It's impossible to make a totally noiseless resistor, but it's also important to understand that all resistors are not created equal.
Most resistors have noise levels that are orders of magnitude above the Johnson limit. Potentiometers are especially bad.
If you want "good" resistors for noise-critical applications, I recommend metal thin-film resistors. They hardly cost any extra anyway.
Also, in cases where resistors are used to set DC signals such as offsets and biases, you can add capacitors to filter the heck out of those lines to decrease their noise contribution.
Electrical engineer here. Thermal noise is the same for all resistors with a given R, regardless of their method of manufacture.
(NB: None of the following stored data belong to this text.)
Lemma exists_cc x y t : exists z, cc d x y t z.
Proof.
  destruct (proj1 (proj2 HX) x y) as [g [Hg [Hg0 Hg1]]].
  now exists (g (t * d x y)), g.
Qed.

Lemma cc_sq_dist_le z x y t w :
  0 <= t <= 1 -> cc d x y t w ->
  d z w ^ 2 <= (1 - t) * d z x ^ 2 + t * d z y ^ 2 - t * (1 - t) * d x y ^ 2.
Proof.
  intros Ht [g [Hg [Hg0 [Hg1 ->]]]].
  pose proof (proj2 (proj2 HX) z g 0 (d x y) t Hg Ht) as HCN.
  replace ((1 - t) * 0 + t * d x y) with (t * d x y) in HCN by ring.
  now rewrite Hg0, Hg1 in HCN.
Qed.

Lemma cc_in_ball c r x y t w :
  0 <= t <= 1 -> cc d x y t w -> d c x <= r -> d c y <= r -> d c w <= r.
Proof.
  intros Ht Hw Hx Hy.
  pose proof (cc_sq_dist_le c x y t w Ht Hw) as HCN.
  pose proof (CAT0_dist_ge0 c w). pose proof (CAT0_dist_ge0 c x).
  pose proof (CAT0_dist_ge0 c y). pose proof (CAT0_dist_ge0 x y).
  assert (d c x ^ 2 <= r ^ 2) by nra. assert (d c y ^ 2 <= r ^ 2) by nra.
  assert (0 <= t * (1 - t) * d x y ^ 2) by (apply Rmult_le_pos; nra).
  assert (d c w ^ 2 <= r ^ 2) by nra.
  nra.
Qed.

End CAT0Space.

Section Resolvent.

Variables (X : Type) (d : X -> X -> R) (f : X -> Rbar).
Hypothesis HX : CAT0 d.
Hypothesis Hf : proper_fun f.

Lemma argmin_finite p : is_argmin f p -> exists fp, f p = Finite fp.
Proof.
  intros Hp. destruct Hf as [Hnm [x0 Hx0]]. specialize (Hp x0).
  destruct (f p) as [fp | |] eqn:Efp; [now exists fp | | now destruct (Hnm p)].
  destruct (f x0); simpl in Hp; tauto.
Qed.

Lemma resolvent_finite gam x y :
  is_resolvent d f gam x y -> exists fy, f y = Finite fy.
Proof.
  intros Hy. destruct Hf as [Hnm [x0 Hx0]]. specialize (Hy x0). simpl in Hy.
  destruct (f y) as [fy | |] eqn:Efy; [now exists fy | | now destruct (Hnm y)].
  destruct (f x0) eqn:Ex0; simpl in Hy; [tauto | tauto | now destruct (Hnm x0)].
Qed.
Definition transpose_to_dual : bmor (linear (transpose S)) (bdual R) :=
  Bmor (p := linear (transpose S)) (q := bdual R)
    (fun m => existT _ (sright S m) (fun i => counit_dir m (proj1_sig i) (proj2_sig i)))
    (fun m => eq_refl) (fun m _ => tt)
    (fun m i => counit_dir_label m (proj1_sig i) (proj2_sig i)).

Definition dual_to_transpose : bmor (bdual R) (linear (transpose S)) :=
  Bmor (p := bdual R) (q := linear (transpose S))
    (fun x => unit_apex (projT1 x) (projT2 x (exist _ _ (unit_pos_base (projT1 x)))))
    (fun x => eq_sym (unit_apex_right _ _))
    (fun x _ => exist _ _ (unit_pos_base (projT1 x)))
    (fun x _ => eq_sym (unit_apex_left _ _)).

Lemma dual_right_adjoint_iso : biso (linear (transpose S)) (bdual R).
Proof.
  exists transpose_to_dual, dual_to_transpose; split.
  - exists unit_apex_counit_dir. intros i e. now destruct (mdir _ _ _), (mdir _ _ _).
  - unshelve eexists.
    + intros [d t]; simpl.
      apply eq_existT_uncurried; exists (eq_sym (unit_apex_right _ _)).
      apply functional_extensionality_dep; intros i.
      rewrite dual_choice_rew. destruct i as [j <-]; simpl.
      rewrite counit_dir_unit_apex; apply choice_rew.
    + intros x e; apply right_adjoint_fibre_unique.
Qed.

End RightAdjoint.

Section LeftAdjoint.
Context {C D : Type} (S : span C D) (L : bicom D C)
  (eta : bmor (bid C) (bcomp (bdual (linear S)) L))
  (eps : bmor (bcomp L (bdual (linear S))) (bid D)).
Hypothesis adj : is_adjunction L (bdual (linear S)) eta eps.

Let K := bdual (linear S).

Definition unit_dual c : bpos K := projT1 (mpos eta c).
Definition unit_dual_base c : projT1 (unit_dual c) = c := mbase eta c.
Definition unit_fibre c (e : {m : apex S | sleft S m = projT1 (unit_dual c)}) : bpos L :=
  proj1_sig (projT2 (mpos eta c) e).
Definition unit_fibre_base c e : bbase L (unit_fibre c e) = sright S (proj1_sig e) :=
  proj2_sig (projT2 (mpos eta c) e).
Definition unit_fibre_label c e d : c = blab L (unit_fibre c e) d := mlab eta c (existT _ e d).

Definition counit_apex_at l (Y : forall e : bdir L l, {x : bpos K | projT1 x = blab L l e})
  : apex S := proj1_sig (projT2 (mdir eps (existT _ l Y) tt)).

Let canonical_arg l : bpos (bcomp L K) :=
  existT _ l (fun e => exist (fun x : bpos K => projT1 x = blab L l e)
                             (unit_dual (blab L l e)) (unit_dual_base (blab L l e))).

Definition counit_ldir l : bdir L l := projT1 (mdir eps (canonical_arg l) tt).
Definition counit_apex l : apex S := proj1_sig (projT2 (mdir eps (canonical_arg l) tt)).
Definition counit_apex_left l : sleft S (counit_apex l) = projT1 (unit_dual (blab L l (counit_ldir l))) :=
  proj2_sig (projT2 (mdir eps (canonical_arg l) tt)).
Definition counit_apex_right l : sright S (counit_apex l) = bbase L l :=
  eq_trans (mlab eps (canonical_arg l) tt) (mbase eps (canonical_arg l)).

Lemma counit_apex_at_irrel l Y Y' : counit_apex_at l Y = counit_apex_at l Y'.
Proof.
  replace Y' with Y; [reflexivity|].
  apply functional_extensionality_dep; intros; apply dual_linear_fibre_unique.
Qed.

Lemma counit_apex_at_unit_fibre c e Y : counit_apex_at (unit_fibre c e) Y = proj1_sig e.
Proof.
  destruct adj as [_ [? E]]; simpl in E.
  pose proof (f_equal (@proj1_sig _ _) (E (existT _ c (fun _ => tt)) e)) as Ee.
  rewrite (dual_dir_rew (linear S)) in Ee.
  etransitivity; [apply counit_apex_at_irrel|exact Ee].
Qed.

Lemma unit_fibre_congr c c' (H : c = c') e e' :
  proj1_sig e = proj1_sig e' -> unit_fibre c e = unit_fibre c' e'.
Proof.
  destruct H; intros He.
  now rewrite (eq_sig_hprop (fun _ => proof_irrelevance _) e e' He).
Qed.

Definition transpose_to_left_adjoint : bmor (linear (transpose S)) L :=
  Bmor (p := linear (transpose S)) (q := L)
   (fun m => unit_fibre (sleft S m) (exist _ m (eq_sym (unit_dual_base (sleft S m)))))
   (fun m => unit_fibre_base _ _) (fun m _ => tt) (fun m d => unit_fibre_label _ _ d).

Definition left_adjoint_to_transpose : bmor L (linear (transpose S)) :=
  Bmor (p := L) (q := linear (transpose S))
   counit_apex counit_apex_right (fun l _ => counit_ldir l)
   (fun l _ => eq_sym (eq_trans (counit_apex_left l) (unit_dual_base _))).
(* Let $D=(V,A)$ be a directed graph with source $s\in V$, sink $t\in V$, capacities $u\in\mathbb{R}_+^A$, interdiction costs $c\in\mathbb{R}_+^A$, and interdictor budget $B_I\ge 0$, and assume at least one arc has positive interdiction cost. For each arc $f\in A$ with $c_f>0$, let $x^{(f)}$ be an optimal solution of the linear program $[\mathrm{LP}_{\mathrm{flow}}(f)]$ (defined in the context), and let $f^*$ be an arc for which the optimal objective value of $[\mathrm{LP}_{\mathrm{flow}}(f^* )]$ is largest. Then $x^{(f^* )}$ is an optimal strategy for the flow player, i.e. $x^{(f^* )}\in\arg\max_{x\in X}\min_{z\in\Omega}\mathrm{val}(x,z)$.
   Context: $\mathcal{P}$ is the set of all $s$-$t$-paths in $D$ (a path is identified with its arc set). The flow player's strategies are the feasible path flows $X=\{x\in\mathbb{R}_+^{\mathcal{P}}:\sum_{P\in\mathcal{P}:e\in P}x_P\le u_e\ \forall e\in A\}$. After the flow player chooses $x$, the interdictor chooses $z\in\Omega=\{z\in\mathbb{R}_+^{A\times\mathcal{P}}:\sum_{e\in A}c_e\sum_{P\in\mathcal{P}:e\in P}z_{e,P}\le B_I\}$ ($z_{e,P}$ is the amount of flow stolen from path $P$ at arc $e$). The value is $\mathrm{val}(x,z)=\sum_{P\in\mathcal{P}}\big(x_P-\sum_{e\in P}z_{e,P}\big)^+$; the flow player maximizes $\min_{z\in\Omega}\mathrm{val}(x,z)$. For a fixed arc $f$ with $c_f>0$ define $B'=B_I/c_f$, $c'_e=\min\{c_e/c_f,1\}$ for $e\in A$, and $\bar c'_P=\min_{e\in P}c'_e$ for $P\in\mathcal{P}$. Then $[\mathrm{LP}_{\mathrm{flow}}(f)]$ is: maximize $\sum_{P\in\mathcal{P}}\bar c'_P x_P-B'$ subject to $\sum_{P\in\mathcal{P}:e\in P}x_P\le u_e$ for all $e\in A$ and $x_P\ge 0$ for all $P\in\mathcal{P}$. *)

From HB Require Import structures.
From mathcomp Require Import all_boot all_order all_algebra.
From mathcomp Require Import classical_sets reals.
Set Implicit Arguments. Unset Strict Implicit. Unset Printing Implicit Defensive.
Import Order.TTheory GRing.Theory Num.Theory.
Local Open Scope ring_scope.
Local Open Scope classical_set_scope.

Section Interdiction.
Variables (V A : finType) (tl hd : A -> V) (s t : V).

Fixpoint walk_to_t (v : V) (p : seq A) : bool :=
  match p with
  | [::] => v == t
  | e :: p' => (tl e == v) && walk_to_t (hd e) p'
  end.

Definition is_st_path_seq (p : seq A) : bool :=
  walk_to_t s p && uniq (s :: map hd p).

(* a set of arcs is an s-t path if it is the arc set of a simple s-t path
   (a simple path uses at most #|A| arcs, so the bound is harmless) *)
Definition is_st_path (P : {set A}) : bool :=
  [exists n : 'I_#|A|.+1, exists p : n.-tuple A,
     is_st_path_seq p && (P == [set e in p])].

Definition stpath := {P : {set A} | is_st_path P}.

Variable R : realType.
Variables (u c : A -> R) (BI : R).

Definition feasible_flow (x : stpath -> R) : Prop :=
  (forall P, 0 <= x P) /\
  (forall e : A, \sum_(P : stpath | e \in val P) x P <= u e).

Definition Omega : set (A -> stpath -> R) :=
  [set z | (forall e P, 0 <= z e P) /\
           \sum_(e : A) c e * \sum_(P : stpath | e \in val P) z e P <= BI].

Definition val_xz (x : stpath -> R) (z : A -> stpath -> R) : R :=
  \sum_(P : stpath) Num.max 0 (x P - \sum_(e in val P) z e P).

Definition flow_value (x : stpath -> R) : R :=
  inf [set val_xz x z | z in Omega].
(* Let $L\ge2$, $k\ge2$ be integers, $\kappa:\{1,\dots,k-1\}\times\mathbb{N}\to\{0,\dots,L-1\}$ a map, and let $(a(n))_{n=0}^\infty$ be an $(L,k,\kappa)$-TM sequence. Then $(a(n))_{n=0}^\infty$ is ultimately periodic if and only if there exists an integer $A\ge0$ such that $$\kappa(s,A+y)\equiv\kappa(1,A)\,s\,k^y\pmod L$$ for all $1\le s\le k-1$ and all $y\in\mathbb{N}$. Moreover, if $(a(n))_{n=0}^\infty$ is not ultimately periodic, then none of its equally spaced subsequences $(a(N+tl))_{t=0}^\infty$ ($N\ge0$, $l>0$) is ultimately periodic.
   Context: $\mathbb{N}$ is the set of non-negative integers. Let $a_0,\dots,a_{L-1}$ be pairwise distinct complex numbers and $f$ the map on $\{a_0,\dots,a_{L-1}\}$ with $f(a_i)=a_{i+1}$ (indices mod $L$), extended letterwise to finite words; $f^j$ is its $j$-fold iterate, $f^0$ the identity. Define $A_0=a_0$ and $A_{n+1}=A_n\,f^{\kappa(1,n)}(A_n)\cdots f^{\kappa(k-1,n)}(A_n)$ (concatenation); $A_n$ is a prefix of $A_{n+1}$ and the infinite word $\lim A_n$, indexed from $0$, is the $(L,k,\kappa)$-TM sequence. A sequence $(b(n))$ is ultimately periodic if there are $N\ge0$, $l>0$ with $b(n)=b(n+l)$ for all $n\ge N$. *)

From mathcomp Require Import all_boot all_order all_algebra.
From mathcomp Require Import complex Rstruct.
From Stdlib Require Import Rdefinitions.

Set Implicit Arguments.
Unset Strict Implicit.
Unset Printing Implicit Defensive.

Definition CC : Type := complex R.

(* Letters a_0,...,a_{L-1} are represented by their indices i < L;
   f^j (a_i) = a_{(i+j) mod L}, extended letterwise to words. *)
Definition fpow (L j : nat) (w : seq nat) : seq nat :=
  map (fun i => (i + j) %% L) w.

Fixpoint TMword (L k : nat) (kappa : nat -> nat -> nat) (n : nat) : seq nat :=
  match n with
  | 0 => [:: 0]
  | n'.+1 =>
      let W := TMword L k kappa n' in
      W ++ flatten [seq fpow L (kappa s n') W | s <- iota 1 (k - 1)]
  end.

(* b is the infinite word lim A_n (with letters a_i), indexed from 0:
   every A_n is a prefix of b. *)
Definition is_TM_sequence (L k : nat) (kappa : nat -> nat -> nat)
    (a : nat -> CC) (b : nat -> CC) : Prop :=
  forall n i, i < size (TMword L k kappa n) ->
    b i = a (nth 0 (TMword L k kappa n) i).

Definition ultimately_periodic (T : Type) (b : nat -> T) : Prop :=
  exists N l, 0 < l /\ forall n, N <= n -> b n = b (n + l).

(* The i-th letter of the word is a_c with c the residue mod L of the sum of
   kappa(d_y, y) over the base-k digits d_y of i, where kappa(0, y) = 0.
   If kappa(s, A + y) = kappa(1, A) s k^y mod L, then c(u + w k^A) =
   c(u) + kappa(1, A) w mod L for u < k^A, so L k^A is a period.
   Conversely, let b be ultimately periodic with period p along N + t l. Then
   b x = b z for all large x, z in the class of N mod l with x = z mod p l, so
   any two numbers congruent mod p l carry equal letters once a common small u
   is added to both. Pick b0 > 0 with k^(J + b0) = k^J mod p l for all large J.
   Comparing the letters at u + (d+1) k^J and u + d k^J + k^(J + b0) gives
     kappa(d+1, J) = kappa(d, J) + kappa(1, J + b0)    if d + 1 < k,
     kappa(1, J+1) = kappa(k-1, J) + kappa(1, J + b0)  if d + 1 = k (a carry),
   modulo L; for d = 0 the first says that kappa(1, .) has period b0, and then
   kappa(d, J) = d kappa(1, J) and kappa(1, J+1) = k kappa(1, J) follow. *)

From mathcomp Require Import all_boot all_order all_algebra.
From mathcomp Require Import zify ring.

Set Implicit Arguments.
Unset Strict Implicit.
Unset Printing Implicit Defensive.

(* Block 0 of A_(j+1) is A_j itself, unshifted. *)
Definition shift_of (kappa : nat -> nat -> nat) (s j : nat) : nat :=
  if s is 0 then 0 else kappa s j.

Lemma shift_of_pos kappa s j : 0 < s -> shift_of kappa s j = kappa s j.
Proof. by case: s. Qed.

Section ShiftSum.

Variables (k : nat) (kappa : nat -> nat -> nat).
Hypothesis k_gt0 : 0 < k.

(* The y-th base-k digit of a position x in A_t selects the block of
   A_(y+1) containing x, shifted by kappa(digit, y). *)
Definition shift_sum (j t x : nat) : nat :=
  \sum_(y < t) shift_of kappa ((x %/ k ^ y) %% k) (j + y).

Lemma shift_sum0 j x : shift_sum j 0 x = 0.
Proof. by rewrite /shift_sum big_ord0. Qed.

Lemma shift_sumS j t x :
  shift_sum j t.+1 x = shift_of kappa (x %% k) j + shift_sum j.+1 t (x %/ k).
Proof.
rewrite /shift_sum big_ord_recl expn0 divn1 addn0; congr (_ + _).
by apply: eq_bigr => i _; rewrite /bump /= expnS divnMA addnS.
Qed.

Lemma shift_sum_of0 j t : shift_sum j t 0 = 0.
Proof. by rewrite /shift_sum big1 // => i _; rewrite div0n mod0n. Qed.

Lemma shift_sum_split j t t' u v : u < k ^ t ->
  shift_sum j (t + t') (u + v * k ^ t) = shift_sum j t u + shift_sum (j + t) t' v.
Proof.
elim: t j u => [|t IH] j u.
  by rewrite expn0 ltnS leqn0 => /eqP ->; rewrite shift_sum0 muln1 add0n addn0.
move=> u_lt; rewrite addSn !shift_sumS -addnA expnSr mulnA; congr (_ + _).
  by rewrite addnC modnMDl.
rewrite [u + _]addnC divnMDl // [_ * _ + _]addnC IH ?addSnnS //.
by rewrite ltn_divLR // -expnSr.
Qed.

Lemma shift_sum_widen j t t' x : x < k ^ t -> t <= t' ->
  shift_sum j t' x = shift_sum j t x.
Proof.
move=> x_lt /subnKC <-.
by rewrite -[x in LHS]addn0 -(mul0n (k ^ t)) shift_sum_split // shift_sum_of0 addn0.
Qed.

Lemma shift_sum_digit j t d : d < k -> shift_sum j t.+1 d = shift_of kappa d j.
Proof. by move=> d_lt; rewrite shift_sumS modn_small // divn_small // shift_sum_of0 addn0. Qed.

Lemma shift_sum_top j t J u d : u < k ^ J -> d < k -> J < t ->
  shift_sum j t (u + d * k ^ J) = shift_sum j J u + shift_of kappa d (j + J).
Proof.
move=> u_lt d_lt J_lt; have -> : t = J + (t - J).-1.+1 by lia.
by rewrite shift_sum_split // shift_sum_digit.
Qed.

End ShiftSum.

Lemma ltn_add_mull K M u d : u < K -> d < M -> u + d * K < M * K.
Proof. by nia. Qed.

Lemma size_flatten_uniform (S T : Type) (F : S -> seq T) m s :
  (forall x, size (F x) = m) -> size (flatten (map F s)) = size s * m.
Proof. by move=> sizeF; elim: s => //= x s IH; rewrite size_cat sizeF IH. Qed.

Lemma nth_flatten_uniform (S T : Type) (x0 : S) (y0 : T) (F : S -> seq T) m s q r :
  (forall x, size (F x) = m) -> q < size s -> r < m ->
  nth y0 (flatten (map F s)) (q * m + r) = nth y0 (F (nth x0 s q)) r.
Proof.
move=> sizeF; elim: s q => // x s IH [|q] /= q_lt r_lt; rewrite nth_cat sizeF.
  by rewrite mul0n add0n r_lt.
by rewrite mulSn -addnA ltnNge leq_addr /= addKn IH.
Qed.

Section TMword.

Variables (L k : nat) (kappa : nat -> nat -> nat).
Hypothesis k_gt0 : 0 < k.

Lemma size_TMword n : size (TMword L k kappa n) = k ^ n.
Proof.
elim: n => //= n IH; rewrite size_cat IH (@size_flatten_uniform _ _ _ (k ^ n)).
  by rewrite size_iota expnS; case: (k) k_gt0 => // k' _; rewrite subSS subn0 mulSn.
by move=> s; rewrite size_map IH.
Qed.

Lemma nth_TMword n i : i < k ^ n ->
  nth 0 (TMword L k kappa n) i = shift_sum k kappa 0 n i %% L.
Proof.
elim: n i => [|n IH] i i_lt.
  by move: i_lt; rewrite expn0 ltnS leqn0 => /eqP ->; rewrite shift_sum0 mod0n.
rewrite /= nth_cat size_TMword; case: ltnP => [i_lt' | i_ge].
  by rewrite IH // (shift_sum_widen kappa k_gt0 _ i_lt').
have kn_gt0 : 0 < k ^ n by rewrite expn_gt0 k_gt0.
set j := i - k ^ n; set q := j %/ k ^ n.
have q_lt : q < k - 1.
  by rewrite ltn_divLR // /j; move: i_lt; rewrite expnS; nia.
have i_eq : i = j %% k ^ n + q.+1 * k ^ n.
  by move: (divn_eq j (k ^ n)); rewrite mulSn /q /j; lia.
have sizeF s : size (fpow L (kappa s n) (TMword L k kappa n)) = k ^ n.
  by rewrite size_map size_TMword.
rewrite (divn_eq j (k ^ n)) (nth_flatten_uniform 0 _ sizeF) ?size_iota ?ltn_mod //.
rewrite nth_iota // /fpow (nth_map 0) ?size_TMword ?ltn_mod //.
rewrite IH ?ltn_mod // modnDml i_eq -[n.+1]addn1 shift_sum_split ?ltn_mod // add0n.
by rewrite shift_sum_digit ?shift_of_pos ?add1n //; lia.
Qed.

End TMword.

Definition TMletter (L k : nat) (kappa : nat -> nat -> nat) (i : nat) : nat :=
  nth 0 (TMword L k kappa i) i.

Section TMletter.

Variables (L k : nat) (kappa : nat -> nat -> nat).
Hypothesis k_gt1 : 1 < k.

Let k_gt0 : 0 < k. Proof. exact: ltnW. Qed.

Lemma TMletterE t i : i < k ^ t -> TMletter L k kappa i = shift_sum k kappa 0 t i %% L.
Proof.
move=> i_lt; have i_lt' := ltn_expl i k_gt1.
rewrite /TMletter nth_TMword // -(shift_sum_widen kappa k_gt0 _ i_lt (leq_maxl t i)).
by rewrite (shift_sum_widen kappa k_gt0 _ i_lt' (leq_maxr t i)).
Qed.

Lemma TMletter_lt i : 0 < L -> TMletter L k kappa i < L.
Proof. by move=> L_gt0; rewrite (TMletterE (ltn_expl i k_gt1)) ltn_mod. Qed.

Lemma TM_sequence_letter (a b : nat -> CC) :
  is_TM_sequence L k kappa a b -> forall i, b i = a (TMletter L k kappa i).
Proof. by move=> tm i; apply: tm; rewrite size_TMword //; apply: ltn_expl. Qed.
You cannot have thermal noise either less or more than this, so it's not a Johnson "limit" but rather a definite value. You are correct that there are other sources of noise such as 1/f noise. But more importantly, the manner in which noise manifests in the end result has to do with the circuit as a whole.
For noise critical applications you should do a noise analysis of the circuit as a whole rather than make ad hoc selections of components.
I think you "well actually"'d a bunch of things I specifically didn't say.
I use "Johnson limit" synonymously with "thermal noise limit" because they are the same, and it's the limit of how low noise can be after removing all other sources of noise.
Most people, if they even learn about resistor noise, will only learn about thermal noise. If they're lucky enough to identify a resistor as the noise troublemaker in a circuit, they might not have any idea that they can potentially cut the noise 1000x by changing the resistor from thick film to thin film, with no other design changes, at the cost of one cent. It's not common knowledge, as illustrated by the fact that an article like this, dedicated to the topic of resistor noise, doesn't even mention it. And instead laughs at someone even considering to look for a "good" resistor as though it were superstition.
In fact, thick film resistors are far more common, so if you're in the situation where you're reading this article because you have a noisy resistor in your circuit and don't already know about Johnson noise, you almost definitely don't know about current/flicker noise, and since you got here because of a noisy resistor in the first place, a "good" thin film resistor is overwhelmingly likely to be the cure.
I'm not advocating ad hoc selection of components to reduce noise any more than selecting ad hoc components to reduce cost. A noise analysis can help you find the problem but won't help you solve it if you think your only option is to change the resistor's value, rather than its type.
Your comment looks like it disagrees, but actually you are both agreeing that thermal noise is not the only noise source and that other design factors matter.
For other readers: some resistors have much lower flicker noise[1] where “wire-wound resistors have the least amount of flicker noise. Since flicker noise is related to the level of DC, if the current is kept low, thermal noise will be the predominant effect in the resistor, and the type of resistor used may not affect noise levels, depending on the frequency window.”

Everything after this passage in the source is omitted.